### EXERCISE INSTRUCTIONS
Copy out each line of the data below in which the string "Psym" appears.

:: INFORMATION SHOWN

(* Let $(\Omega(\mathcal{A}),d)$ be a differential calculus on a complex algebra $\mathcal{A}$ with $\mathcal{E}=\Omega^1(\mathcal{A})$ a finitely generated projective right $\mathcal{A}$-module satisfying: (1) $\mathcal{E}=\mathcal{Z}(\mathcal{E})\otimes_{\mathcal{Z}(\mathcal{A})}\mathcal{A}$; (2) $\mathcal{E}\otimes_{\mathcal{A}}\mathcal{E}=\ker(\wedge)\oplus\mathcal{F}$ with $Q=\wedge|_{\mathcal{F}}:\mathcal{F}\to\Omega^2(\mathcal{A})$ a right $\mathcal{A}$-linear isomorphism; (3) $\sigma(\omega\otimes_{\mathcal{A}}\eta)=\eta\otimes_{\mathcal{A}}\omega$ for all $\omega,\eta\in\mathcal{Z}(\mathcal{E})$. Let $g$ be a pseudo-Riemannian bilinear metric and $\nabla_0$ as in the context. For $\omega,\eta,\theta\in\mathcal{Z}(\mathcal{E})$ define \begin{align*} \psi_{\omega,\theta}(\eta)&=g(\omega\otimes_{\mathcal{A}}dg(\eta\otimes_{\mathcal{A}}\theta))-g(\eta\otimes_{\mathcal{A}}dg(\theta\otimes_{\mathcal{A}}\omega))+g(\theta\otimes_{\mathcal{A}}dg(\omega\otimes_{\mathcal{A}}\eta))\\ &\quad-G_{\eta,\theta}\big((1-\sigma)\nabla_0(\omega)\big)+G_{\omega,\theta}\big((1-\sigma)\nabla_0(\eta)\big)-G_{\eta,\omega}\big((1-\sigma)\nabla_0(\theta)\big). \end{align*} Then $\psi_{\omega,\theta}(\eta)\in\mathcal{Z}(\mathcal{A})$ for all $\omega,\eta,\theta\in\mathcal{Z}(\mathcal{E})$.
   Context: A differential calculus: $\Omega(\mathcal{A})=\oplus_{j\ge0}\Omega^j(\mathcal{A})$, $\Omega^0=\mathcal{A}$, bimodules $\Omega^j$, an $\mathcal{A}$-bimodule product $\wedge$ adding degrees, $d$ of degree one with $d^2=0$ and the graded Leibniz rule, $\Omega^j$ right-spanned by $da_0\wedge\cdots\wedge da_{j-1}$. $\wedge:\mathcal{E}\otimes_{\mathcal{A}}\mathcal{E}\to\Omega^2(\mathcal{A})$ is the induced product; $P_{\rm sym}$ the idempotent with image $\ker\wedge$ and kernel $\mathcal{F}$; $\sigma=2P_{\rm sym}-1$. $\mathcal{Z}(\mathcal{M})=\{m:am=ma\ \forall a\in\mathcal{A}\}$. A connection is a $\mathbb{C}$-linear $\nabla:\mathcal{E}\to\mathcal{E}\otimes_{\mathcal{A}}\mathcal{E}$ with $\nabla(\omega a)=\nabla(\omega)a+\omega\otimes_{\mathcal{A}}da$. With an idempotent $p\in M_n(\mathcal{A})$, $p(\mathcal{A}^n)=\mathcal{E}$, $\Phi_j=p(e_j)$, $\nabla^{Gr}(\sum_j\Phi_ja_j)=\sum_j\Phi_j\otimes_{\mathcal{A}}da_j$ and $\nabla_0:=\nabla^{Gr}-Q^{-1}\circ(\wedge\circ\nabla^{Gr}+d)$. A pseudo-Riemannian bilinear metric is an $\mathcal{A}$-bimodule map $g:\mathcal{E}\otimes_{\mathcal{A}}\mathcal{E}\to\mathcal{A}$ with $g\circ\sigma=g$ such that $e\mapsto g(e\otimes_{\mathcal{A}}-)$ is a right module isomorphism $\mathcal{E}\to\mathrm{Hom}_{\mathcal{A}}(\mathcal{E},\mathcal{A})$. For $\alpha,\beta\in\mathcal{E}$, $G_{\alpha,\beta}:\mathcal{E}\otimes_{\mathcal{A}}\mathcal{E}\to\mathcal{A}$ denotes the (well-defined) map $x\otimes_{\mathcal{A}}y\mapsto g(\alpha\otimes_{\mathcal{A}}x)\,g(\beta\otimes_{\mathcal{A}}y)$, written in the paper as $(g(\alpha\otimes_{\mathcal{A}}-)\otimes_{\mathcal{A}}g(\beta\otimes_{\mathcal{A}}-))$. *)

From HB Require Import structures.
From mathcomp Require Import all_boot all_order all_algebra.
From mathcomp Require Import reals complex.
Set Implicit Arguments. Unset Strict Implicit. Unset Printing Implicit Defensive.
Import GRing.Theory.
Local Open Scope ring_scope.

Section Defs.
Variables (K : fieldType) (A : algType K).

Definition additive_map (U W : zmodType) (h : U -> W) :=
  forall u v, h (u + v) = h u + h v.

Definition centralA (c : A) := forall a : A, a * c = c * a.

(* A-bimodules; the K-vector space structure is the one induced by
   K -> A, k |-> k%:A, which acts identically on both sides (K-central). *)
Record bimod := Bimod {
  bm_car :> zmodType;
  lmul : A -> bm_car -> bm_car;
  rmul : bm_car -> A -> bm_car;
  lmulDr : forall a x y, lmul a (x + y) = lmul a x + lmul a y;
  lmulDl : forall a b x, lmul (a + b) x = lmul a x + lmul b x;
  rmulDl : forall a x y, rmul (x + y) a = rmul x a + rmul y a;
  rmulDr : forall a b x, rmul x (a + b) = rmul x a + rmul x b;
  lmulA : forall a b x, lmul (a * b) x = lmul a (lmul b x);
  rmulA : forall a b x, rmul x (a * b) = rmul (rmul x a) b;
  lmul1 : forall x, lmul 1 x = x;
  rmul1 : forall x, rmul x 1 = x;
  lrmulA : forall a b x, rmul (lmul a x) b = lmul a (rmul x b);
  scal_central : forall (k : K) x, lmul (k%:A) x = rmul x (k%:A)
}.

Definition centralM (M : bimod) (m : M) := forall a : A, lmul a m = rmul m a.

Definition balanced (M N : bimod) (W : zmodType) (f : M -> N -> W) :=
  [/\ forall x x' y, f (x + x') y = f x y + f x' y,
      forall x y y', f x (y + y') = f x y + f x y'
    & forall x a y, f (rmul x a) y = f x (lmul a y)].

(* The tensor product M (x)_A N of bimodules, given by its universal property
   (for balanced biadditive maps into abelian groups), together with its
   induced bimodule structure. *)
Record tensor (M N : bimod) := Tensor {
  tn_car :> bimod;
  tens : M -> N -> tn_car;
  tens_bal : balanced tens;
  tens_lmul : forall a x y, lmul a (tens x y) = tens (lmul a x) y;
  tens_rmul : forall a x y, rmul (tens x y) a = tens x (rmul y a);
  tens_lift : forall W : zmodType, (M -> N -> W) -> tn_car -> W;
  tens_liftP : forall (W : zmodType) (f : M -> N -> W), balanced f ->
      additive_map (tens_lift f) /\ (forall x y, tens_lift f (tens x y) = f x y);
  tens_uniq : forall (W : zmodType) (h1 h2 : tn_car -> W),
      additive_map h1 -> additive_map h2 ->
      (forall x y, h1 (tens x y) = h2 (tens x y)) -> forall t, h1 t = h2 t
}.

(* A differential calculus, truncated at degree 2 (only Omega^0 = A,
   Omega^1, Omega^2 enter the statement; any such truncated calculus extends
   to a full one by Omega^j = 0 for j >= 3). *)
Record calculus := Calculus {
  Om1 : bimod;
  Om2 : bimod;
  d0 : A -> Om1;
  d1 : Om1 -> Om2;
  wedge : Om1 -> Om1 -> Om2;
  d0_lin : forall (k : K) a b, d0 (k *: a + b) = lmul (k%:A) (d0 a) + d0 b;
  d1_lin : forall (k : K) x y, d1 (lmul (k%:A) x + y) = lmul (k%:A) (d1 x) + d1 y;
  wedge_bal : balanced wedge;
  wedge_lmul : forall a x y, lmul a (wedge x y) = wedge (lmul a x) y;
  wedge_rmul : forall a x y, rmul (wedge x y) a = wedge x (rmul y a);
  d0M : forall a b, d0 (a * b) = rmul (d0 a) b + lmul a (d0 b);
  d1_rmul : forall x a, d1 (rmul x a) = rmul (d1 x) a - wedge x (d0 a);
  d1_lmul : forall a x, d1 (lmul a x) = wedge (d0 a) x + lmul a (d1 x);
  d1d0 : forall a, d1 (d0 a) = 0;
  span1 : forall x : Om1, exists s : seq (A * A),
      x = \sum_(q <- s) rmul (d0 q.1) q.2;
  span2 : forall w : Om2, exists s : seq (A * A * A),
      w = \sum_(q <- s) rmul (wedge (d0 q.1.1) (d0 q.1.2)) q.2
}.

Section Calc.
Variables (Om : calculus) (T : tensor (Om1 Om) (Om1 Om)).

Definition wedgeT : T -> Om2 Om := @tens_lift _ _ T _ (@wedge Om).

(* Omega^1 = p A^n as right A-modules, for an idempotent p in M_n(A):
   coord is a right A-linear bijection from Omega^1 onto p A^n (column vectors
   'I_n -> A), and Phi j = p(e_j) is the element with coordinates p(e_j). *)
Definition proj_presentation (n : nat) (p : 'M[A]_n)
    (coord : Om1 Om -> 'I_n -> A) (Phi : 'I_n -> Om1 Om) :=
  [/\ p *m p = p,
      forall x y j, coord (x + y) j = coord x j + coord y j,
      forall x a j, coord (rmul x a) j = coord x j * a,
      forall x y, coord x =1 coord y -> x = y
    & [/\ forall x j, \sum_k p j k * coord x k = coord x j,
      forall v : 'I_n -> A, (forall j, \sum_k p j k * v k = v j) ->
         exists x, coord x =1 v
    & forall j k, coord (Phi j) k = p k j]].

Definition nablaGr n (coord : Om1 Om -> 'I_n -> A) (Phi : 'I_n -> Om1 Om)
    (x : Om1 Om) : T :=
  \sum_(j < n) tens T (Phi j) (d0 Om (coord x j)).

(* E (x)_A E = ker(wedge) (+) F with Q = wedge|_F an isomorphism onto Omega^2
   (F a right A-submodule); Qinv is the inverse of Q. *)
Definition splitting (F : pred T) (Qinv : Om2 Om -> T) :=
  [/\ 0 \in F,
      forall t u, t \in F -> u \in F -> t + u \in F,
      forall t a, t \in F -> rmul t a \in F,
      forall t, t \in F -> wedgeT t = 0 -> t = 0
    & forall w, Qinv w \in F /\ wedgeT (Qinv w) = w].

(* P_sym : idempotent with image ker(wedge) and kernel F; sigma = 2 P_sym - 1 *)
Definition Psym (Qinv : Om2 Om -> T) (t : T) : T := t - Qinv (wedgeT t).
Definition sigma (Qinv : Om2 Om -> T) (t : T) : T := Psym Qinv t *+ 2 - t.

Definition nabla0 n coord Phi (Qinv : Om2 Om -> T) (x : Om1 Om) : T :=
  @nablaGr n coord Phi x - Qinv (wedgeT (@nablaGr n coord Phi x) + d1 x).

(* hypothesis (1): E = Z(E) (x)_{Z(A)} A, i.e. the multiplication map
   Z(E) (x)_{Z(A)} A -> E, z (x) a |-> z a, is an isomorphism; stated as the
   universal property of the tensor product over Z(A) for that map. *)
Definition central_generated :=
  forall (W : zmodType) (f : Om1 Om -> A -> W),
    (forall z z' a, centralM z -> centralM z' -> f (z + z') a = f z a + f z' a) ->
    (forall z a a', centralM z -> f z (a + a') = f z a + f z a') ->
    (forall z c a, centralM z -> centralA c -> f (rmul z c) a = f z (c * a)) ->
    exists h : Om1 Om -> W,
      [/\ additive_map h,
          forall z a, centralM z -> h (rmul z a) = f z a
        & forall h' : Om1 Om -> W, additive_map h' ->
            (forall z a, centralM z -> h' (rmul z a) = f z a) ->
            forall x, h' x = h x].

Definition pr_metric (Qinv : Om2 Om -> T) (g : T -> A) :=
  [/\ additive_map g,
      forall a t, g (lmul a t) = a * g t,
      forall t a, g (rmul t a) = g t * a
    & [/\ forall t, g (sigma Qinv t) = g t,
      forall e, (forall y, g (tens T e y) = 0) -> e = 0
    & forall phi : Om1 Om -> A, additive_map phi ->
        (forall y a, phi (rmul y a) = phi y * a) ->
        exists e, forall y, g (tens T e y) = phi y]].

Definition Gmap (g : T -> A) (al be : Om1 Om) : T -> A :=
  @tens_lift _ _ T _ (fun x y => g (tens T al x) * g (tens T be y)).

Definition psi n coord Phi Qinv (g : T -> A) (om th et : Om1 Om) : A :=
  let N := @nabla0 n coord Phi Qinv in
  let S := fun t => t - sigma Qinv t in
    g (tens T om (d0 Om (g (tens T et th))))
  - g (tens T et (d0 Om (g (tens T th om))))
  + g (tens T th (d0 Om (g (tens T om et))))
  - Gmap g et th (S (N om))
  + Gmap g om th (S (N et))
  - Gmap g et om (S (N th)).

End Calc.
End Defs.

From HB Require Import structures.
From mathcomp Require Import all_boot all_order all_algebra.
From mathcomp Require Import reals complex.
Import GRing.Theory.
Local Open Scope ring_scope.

::::

### RESPONSE
Definition Psym (Qinv : Om2 Om -> T) (t : T) : T := t - Qinv (wedgeT t).
Definition sigma (Qinv : Om2 Om -> T) (t : T) : T := Psym Qinv t *+ 2 - t.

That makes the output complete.